Lemma mulgA x y z : mul x (mul y z) = mul (mul x y) z.
Proof. by case: group_mul. Qed.
Lemma mul1g x : mul e x = x. Proof. by case: group_mul. Qed.
Lemma mulg1 x : mul x e = x. Proof. by case: group_mul. Qed.
Lemma mulVg x : mul (inv x) x = e. Proof. by case: group_mul. Qed.
Lemma mulgV x : mul x (inv x) = e. Proof. by case: group_mul. Qed.

Lemma mulKg x y : mul (inv x) (mul x y) = y.
Proof. by rewrite mulgA mulVg mul1g. Qed.
Lemma mulKVg x y : mul x (mul (inv x) y) = y.
Proof. by rewrite mulgA mulgV mul1g. Qed.
Lemma mulgK x y : mul (mul y x) (inv x) = y.
Proof. by rewrite -mulgA mulgV mulg1. Qed.
Lemma mulgKV x y : mul (mul y (inv x)) x = y.
Proof. by rewrite -mulgA mulVg mulg1. Qed.

Lemma invg_unique x y : mul x y = e -> y = inv x.
Proof. by move=> xy; rewrite -(mulKg x y) xy mulg1. Qed.
Lemma invgK x : inv (inv x) = x.
Proof. exact/esym/invg_unique/mulVg. Qed.
Lemma invgM x y : inv (mul x y) = mul (inv y) (inv x).
Proof. by apply/esym/invg_unique; rewrite -mulgA mulKVg mulgV. Qed.
Lemma invg1 : inv e = e.
Proof. by rewrite -[inv e]mul1g mulgV. Qed.

Variable H : set T.
Hypothesis subgroupH : is_subgroup mul inv e H.

Lemma group1 : H e. Proof. by case: subgroupH. Qed.
Lemma groupM {x y} : H x -> H y -> H (mul x y).
Proof. by case: subgroupH => _ + _; apply. Qed.
Lemma groupV {x} : H x -> H (inv x). Proof. by case: subgroupH => _ _; apply. Qed.
Lemma groupMV {x y} : H x -> H y -> H (mul x (inv y)).
Proof. by move=> Hx Hy; apply: groupM Hx (groupV Hy). Qed.

End GroupLaws.

Section TopologicalGroup.
Variables (T : ptopologicalType) (mul : T -> T -> T) (inv : T -> T) (e : T).
Hypothesis topgroup : is_topological_group mul inv e.

Let group_mul : is_group mul inv e. Proof. by case: topgroup. Qed.

Lemma continuous_mul (U : topologicalType) (f g : U -> T) :
  continuous f -> continuous g -> continuous (fun x => mul (f x) (g x)).
Proof.
move=> cf cg x; apply: (@continuous_comp _ _ _ (fun x => (f x, g x))
  (fun p : T * T => mul p.1 p.2)).
  by apply: cvg_pair; [exact: cf | exact: cg].
by case: topgroup => _ + _; apply.
Qed.

Lemma continuous_mulr (y : T) : continuous (mul^~ y).
Proof.
by apply: (@continuous_mul T id (fun=> y)) => x; [exact: cvg_id | exact: cvg_cst].
Qed.

Lemma continuous_mull (y : T) : continuous (mul y).
Proof.
by apply: (@continuous_mul T (fun=> y) id) => x; [exact: cvg_cst | exact: cvg_id].
Qed.

Lemma continuous_mulV : continuous (fun p : T * T => mul p.1 (inv p.2)).
Proof.
apply: (@continuous_mul _ fst (inv \o snd)) => p; first exact: cvg_fst.
apply: (@continuous_comp _ _ _ snd inv); first exact: cvg_snd.
by case: topgroup => _ _; apply.
Qed.

Variable H : set T.
Hypotheses (subgroupH : is_subgroup mul inv e H) (discreteH : discrete_subset H).

Lemma discrete_subgroup_nbhs : exists W : set T, [/\ open W, W e &
  forall a b, W a -> W b -> H (mul a (inv b)) -> mul a (inv b) = e].
Proof.
have [V [oV Ve VH]] := discreteH (group1 subgroupH).
have : nbhs ((e, e) : T * T) ((fun p : T * T => mul p.1 (inv p.2)) @^-1` V).
  apply: continuous_mulV => /=; rewrite (invg1 group_mul) (mul1g group_mul).
  exact: open_nbhs_nbhs.
case=> -[A1 A2] /= [nA1 nA2] sub; exists (interior (A1 `&` A2)); split.
- exact: open_interior.
- by apply: nbhs_singleton; apply: nbhs_interior; exact: filterI.
- move=> a b /interior_subset [a1 a2] /interior_subset [b1 b2] Hab.
  have : (V `&` H) (mul a (inv b)) by split => //; exact: (sub (a, b)).
  by rewrite VH.
Qed.

End TopologicalGroup.

Section SigmaCompactCover.
Variables (T : ptopologicalType) (K : nat -> set T) (U : T -> set T).
Hypotheses (compactK : forall n, compact (K n)) (coverK : \bigcup_n K n = [set: T]).
Hypotheses (openU : forall y, open (U y)) (U_self : forall y, U y y).

Lemma compact_finite_subcover n :
  exists D : {fset T}, K n `<=` \bigcup_(y in [set` D]) U y.
Proof.
have := compactK n; rewrite compact_cover => /(_ T [set: T] U) [] //.
- by move=> x _; exists x.
- by move=> D _ sub; exists D.
Qed.

Lemma bigcup_compact_cover (A : set T) : exists D : nat -> {fset T},
  A = \bigcup_n \bigcup_(y in [set` D n]) (A `&` U y).
Proof.
have /choice [D DP] := compact_finite_subcover.
exists D; apply/seteqP; split => [x Ax|x [n _ [y _ []//]]].
have : [set: T] x by []; rewrite -coverK => -[n _ /DP [y Dy Uy]].
by exists n => //; exists y.
Qed.

Lemma countable_locally_finite (A : set T) : (forall y, finite_set (A `&` U y)) ->
  countable A.
Proof.
move=> finA; have [D ->] := bigcup_compact_cover A.
apply: bigcup_countable => [|n _]; first exact: card_lexx.
by apply/finite_set_countable/bigcup_finite => // y _; exact: finA.
Qed.

Lemma negligible_locally_negligible (R : realType)
    (mu : {measure set (borel T) -> \bar R}) (A : set T) :
  (forall y, mu.-negligible (A `&` U y : set (borel T))) ->
  mu.-negligible (A : set (borel T)).
Proof.
move=> nA; have [D ->] := bigcup_compact_cover A.
apply: negligible_bigcup => n; rewrite bigcup_fset.
elim: (finmap.enum_fset (D n)) => [|y s IH]; first by rewrite big_nil; exact: negligible_set0.
by rewrite big_cons; apply: negligibleU.
Qed.

End SigmaCompactCover.

Section SeparatingNeighbourhood.
Variables (T : ptopologicalType) (mul : T -> T -> T) (inv : T -> T) (e : T).
Hypothesis topgroup : is_topological_group mul inv e.
Variables (H : set T) (W : set T).
Hypotheses (subgroupH : is_subgroup mul inv e H) (openW : open W) (We : W e).
Hypothesis W_sep : forall a b, W a -> W b -> H (mul a (inv b)) -> mul a (inv b) = e.

Let group_mul : is_group mul inv e. Proof. by case: topgroup. Qed.

Definition right_translate (y : T) : set T := (mul^~ (inv y)) @^-1` W.
Local Notation Wy := right_translate.

Lemma open_right_translate y : open (Wy y).
Proof.
rewrite /right_translate; apply: open_comp openW => x _.
exact: (continuous_mulr topgroup (inv y)).
Qed.

Lemma right_translate_self y : Wy y y.
Proof. by rewrite /right_translate /preimage /= (mulgV group_mul). Qed.

Lemma right_translate_sep {y s s'} : Wy y s -> Wy y s' -> H (mul s (inv s')) ->
  mul s (inv s') = e.
Proof.
move=> Ws Ws'; have := W_sep Ws Ws'.
by rewrite (invgM group_mul) (invgK group_mul) -(mulgA group_mul) (mulKg group_mul).
Qed.

Lemma right_translates_disjoint {y h h' s s'} : H h -> H h' -> Wy y s -> Wy y s' ->
  mul h s = mul h' s' -> h = h'.
Proof.
move=> Hh Hh' Ws Ws' hs_eq.
have s's : mul s' (inv s) = mul (inv h') h.
  by rewrite -[s'](mulKg group_mul h') -hs_eq -(mulgA group_mul) (mulgK group_mul).
have : mul s' (inv s) = e.
  apply: (right_translate_sep Ws' Ws); rewrite s's.
  exact: (groupM subgroupH (groupV subgroupH Hh') Hh).
by rewrite s's => /(invg_unique group_mul); rewrite (invgK group_mul).
Qed.

Lemma finite_subgroup_right_translate y : finite_set (H `&` Wy y).
Proof.
have [[h [Hh Wh]]|noh] := pselect (exists h, (H `&` Wy y) h); last first.
  by apply: (sub_finite_set _ (finite_set0 T)) => h' Hh'; apply: noh; exists h'.
apply: (sub_finite_set _ (finite_set1 h)) => h' [Hh' Wh'].
have := right_translate_sep Wh' Wh (groupMV subgroupH Hh' Hh).
by move=> /(congr1 (mul^~ h)); rewrite (mulgKV group_mul) (mul1g group_mul).
Qed.

End SeparatingNeighbourhood.

Section InvariantMeasure.
Variables (R : realType) (T : ptopologicalType).
Variables (mul : T -> T -> T) (inv : T -> T) (e : T).
Hypothesis topgroup : is_topological_group mul inv e.
Variable mu : {measure set (borel T) -> \bar R}.
Hypothesis mu_invariant : forall (g : T) (A : set (borel T)), measurable A ->
  mu [set mul g a | a in A] = mu A.

Let group_mul : is_group mul inv e. Proof. by case: topgroup. Qed.

Lemma open_measurable_borel (A : set T) : open A -> measurable (A : set (borel T)).
Proof. exact: sub_gen_smallest. Qed.

Lemma measurable_fun_mull (h : T) :
  measurable_fun [set: borel T] (mul h : borel T -> borel T).
Proof.
apply: (@measurability _ _ (borel T) (borel T) setT (mul h) (@open T)) => //.
move=> _ [B oB <-]; rewrite setTI; apply: open_measurable_borel.
exact: (open_comp (fun x _ => continuous_mull topgroup h x) oB).
Qed.

Lemma measurable_preimage_mull (h : T) (A : set (borel T)) : measurable A ->
  measurable ((mul h) @^-1` A : set (borel T)).
Proof. by move=> mA; have := measurable_fun_mull h measurableT mA; rewrite setTI. Qed.

Lemma measure_preimage_mull (h : T) (A : set (borel T)) : measurable A ->
  mu ((mul h) @^-1` A) = mu A.
Proof.
move=> mA; rewrite -[RHS](mu_invariant (inv h) mA); congr (mu _).
apply/seteqP; split => [x Ax|_ [a Aa <-]]; last by rewrite /= (mulKVg group_mul).
by exists (mul h x); rewrite // (mulKg group_mul).
Qed.

Lemma negligible_preimage_mull (h : T) (N : set (borel T)) : mu.-negligible N ->
  mu.-negligible ((mul h) @^-1` N : set (borel T)).
Proof.
case=> M [mM M0 NM]; exists ((mul h) @^-1` M); split => [||x /NM //].
- exact: measurable_preimage_mull.
- by rewrite measure_preimage_mull.
Qed.

Lemma ge0_integral_mull (h : T) (D : set (borel T)) (g : borel T -> \bar R) :
  measurable D -> measurable_fun D g -> (forall x, D x -> 0 <= g x)%E ->
  (\int[mu]_(x in (mul h) @^-1` D) g (mul h x) = \int[mu]_(y in D) g y)%E.
Proof.
move=> mD mg g0.
transitivity (\int[pushforward mu (mul h : borel T -> borel T)]_(y in D) g y)%E.
  apply/esym/ge0_integral_pushforward => // [|y /set_mem]; last exact: g0.
  exact: measurable_fun_mull.
apply: eq_measure_integral => [|mh A mA _];
  [exact: measurable_fun_mull | exact: measure_preimage_mull].
Qed.

End InvariantMeasure.

(* [enum_inv H enum] inverts [enum] on [H]; off [enum @` H] it is the junk value
   [point]. *)
Definition enum_hit {T : Type} (H : set T) (enum : T -> nat) n : bool :=
  `[< exists h, H h /\ enum h = n >].
Definition enum_inv {T : pointedType} (H : set T) (enum : T -> nat) n : T :=
  xget point [set h | H h /\ enum h = n].

Section CountableSum.
Variables (R : realType) (T : pointedType) (H : set T) (enum : T -> nat).
Hypothesis enum_inj : {in H &, injective enum}.
Local Notation enum_hit := (enum_hit H enum).
Local Notation enum_inv := (enum_inv H enum).

Lemma enum_invP {n} : enum_hit n -> H (enum_inv n) /\ enum (enum_inv n) = n.
Proof. by move=> /asboolP ex; exact: (xgetPex point ex). Qed.

Lemma enum_hit_enum {h} : H h -> enum_hit (enum h).
Proof. by move=> Hh; apply/asboolP; exists h. Qed.

Lemma enumK h : H h -> enum_inv (enum h) = h.
Proof.
move=> Hh; have [H_inv enum_inv_eq] := enum_invP (enum_hit_enum Hh).
by apply: enum_inj => //; exact: mem_set.
Qed.

Lemma esum_enum (a : T -> \bar R) : (forall h, H h -> 0 <= a h)%E ->
  (\esum_(h in H) a h = \sum_(n <oo) (if enum_hit n then a (enum_inv n) else 0))%E.
Proof.
move=> a0; rewrite -eseries_mkcond nneseries_esum => [|n /enum_invP [Hn _]];
  last exact: a0.
have -> : [set n | enum_hit n] = enum @` H.
  apply/seteqP; split => [n /enum_invP [Hn <-]|_ [h Hh <-]]; last exact: enum_hit_enum.
  by exists (enum_inv n).
rewrite esum_image => [|x y Hx Hy]; last exact: enum_inj.
by apply: eq_esum => h Hh; rewrite enumK.
Qed.

End CountableSum.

_ _ _ _

Find the word "Definition" in the records and pull out each line that has it.

> _Task response_:
Definition right_translate (y : T) : set T := (mul^~ (inv y)) @^-1` W.
Definition enum_hit {T : Type} (H : set T) (enum : T -> nat) n : bool :=
Definition enum_inv {T : pointedType} (H : set T) (enum : T -> nat) n : T :=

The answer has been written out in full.